─── Exercise inputs

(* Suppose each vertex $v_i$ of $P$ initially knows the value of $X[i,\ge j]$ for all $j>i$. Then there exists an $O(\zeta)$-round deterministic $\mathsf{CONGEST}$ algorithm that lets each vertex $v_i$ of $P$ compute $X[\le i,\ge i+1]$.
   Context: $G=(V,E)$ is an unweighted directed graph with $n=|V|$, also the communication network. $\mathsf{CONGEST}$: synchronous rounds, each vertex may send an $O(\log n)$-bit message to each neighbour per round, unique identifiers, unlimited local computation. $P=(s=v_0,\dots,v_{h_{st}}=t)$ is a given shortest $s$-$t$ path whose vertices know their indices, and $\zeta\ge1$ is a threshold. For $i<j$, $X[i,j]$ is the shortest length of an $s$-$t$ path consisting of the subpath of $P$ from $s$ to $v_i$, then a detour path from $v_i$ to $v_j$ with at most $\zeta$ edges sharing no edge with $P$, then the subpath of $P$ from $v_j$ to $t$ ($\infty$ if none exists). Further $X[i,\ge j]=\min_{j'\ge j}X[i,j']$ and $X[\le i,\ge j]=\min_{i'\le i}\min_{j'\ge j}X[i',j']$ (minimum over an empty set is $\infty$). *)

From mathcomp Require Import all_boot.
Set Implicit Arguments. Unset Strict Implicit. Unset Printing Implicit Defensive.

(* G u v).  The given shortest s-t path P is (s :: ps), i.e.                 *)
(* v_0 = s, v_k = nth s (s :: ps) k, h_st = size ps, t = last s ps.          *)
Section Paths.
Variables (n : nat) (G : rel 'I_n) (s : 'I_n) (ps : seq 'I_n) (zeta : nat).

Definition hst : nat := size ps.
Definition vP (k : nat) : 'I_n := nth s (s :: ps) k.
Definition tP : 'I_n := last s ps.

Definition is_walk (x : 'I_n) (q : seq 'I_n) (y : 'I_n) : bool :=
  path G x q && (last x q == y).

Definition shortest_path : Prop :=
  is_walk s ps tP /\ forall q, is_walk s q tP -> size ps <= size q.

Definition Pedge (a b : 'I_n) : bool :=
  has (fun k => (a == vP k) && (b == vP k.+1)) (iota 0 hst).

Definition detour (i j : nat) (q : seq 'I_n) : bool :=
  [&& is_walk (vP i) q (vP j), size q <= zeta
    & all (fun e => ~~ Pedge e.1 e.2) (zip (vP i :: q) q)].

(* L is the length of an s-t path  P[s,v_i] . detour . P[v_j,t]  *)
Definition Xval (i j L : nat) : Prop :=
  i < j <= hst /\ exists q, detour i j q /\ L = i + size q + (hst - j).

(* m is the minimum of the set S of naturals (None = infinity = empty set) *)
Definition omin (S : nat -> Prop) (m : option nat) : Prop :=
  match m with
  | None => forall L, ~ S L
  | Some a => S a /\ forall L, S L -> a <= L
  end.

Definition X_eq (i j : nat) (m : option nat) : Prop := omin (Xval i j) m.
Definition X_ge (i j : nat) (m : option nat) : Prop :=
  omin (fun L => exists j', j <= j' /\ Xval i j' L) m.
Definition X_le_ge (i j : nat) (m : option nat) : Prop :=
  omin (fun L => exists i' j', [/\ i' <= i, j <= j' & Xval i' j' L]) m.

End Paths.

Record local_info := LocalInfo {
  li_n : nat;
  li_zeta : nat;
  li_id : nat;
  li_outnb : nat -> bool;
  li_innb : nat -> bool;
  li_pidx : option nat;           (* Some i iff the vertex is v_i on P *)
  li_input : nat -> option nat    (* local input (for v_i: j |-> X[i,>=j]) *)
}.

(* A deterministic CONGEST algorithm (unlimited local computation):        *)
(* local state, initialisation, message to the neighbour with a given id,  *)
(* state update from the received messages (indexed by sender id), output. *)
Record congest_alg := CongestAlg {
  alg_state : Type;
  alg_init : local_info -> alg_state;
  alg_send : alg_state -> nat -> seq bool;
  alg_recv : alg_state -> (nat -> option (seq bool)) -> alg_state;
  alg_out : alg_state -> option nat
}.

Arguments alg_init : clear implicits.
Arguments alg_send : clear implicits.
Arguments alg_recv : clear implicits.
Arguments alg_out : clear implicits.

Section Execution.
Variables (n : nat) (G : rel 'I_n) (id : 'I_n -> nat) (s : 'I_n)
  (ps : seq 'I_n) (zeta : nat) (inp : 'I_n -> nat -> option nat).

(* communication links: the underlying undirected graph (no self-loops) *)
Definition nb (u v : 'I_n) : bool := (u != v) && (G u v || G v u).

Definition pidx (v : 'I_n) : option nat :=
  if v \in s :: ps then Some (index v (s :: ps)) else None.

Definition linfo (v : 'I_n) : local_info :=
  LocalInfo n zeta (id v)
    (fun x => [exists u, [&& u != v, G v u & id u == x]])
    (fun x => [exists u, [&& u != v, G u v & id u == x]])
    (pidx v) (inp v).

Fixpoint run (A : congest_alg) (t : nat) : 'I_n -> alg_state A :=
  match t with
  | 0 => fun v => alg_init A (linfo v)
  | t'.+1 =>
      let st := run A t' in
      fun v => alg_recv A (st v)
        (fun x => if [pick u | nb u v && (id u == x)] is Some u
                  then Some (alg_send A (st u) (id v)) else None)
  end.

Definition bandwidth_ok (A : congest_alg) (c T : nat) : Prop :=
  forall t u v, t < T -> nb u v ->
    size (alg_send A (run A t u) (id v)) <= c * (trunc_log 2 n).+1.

──────

When a line of the records includes "deterministic", that line belongs in the answer.

Answer to the exercise
(* Suppose each vertex $v_i$ of $P$ initially knows the value of $X[i,\ge j]$ for all $j>i$. Then there exists an $O(\zeta)$-round deterministic $\mathsf{CONGEST}$ algorithm that lets each vertex $v_i$ of $P$ compute $X[\le i,\ge i+1]$.
(* A deterministic CONGEST algorithm (unlimited local computation):        *)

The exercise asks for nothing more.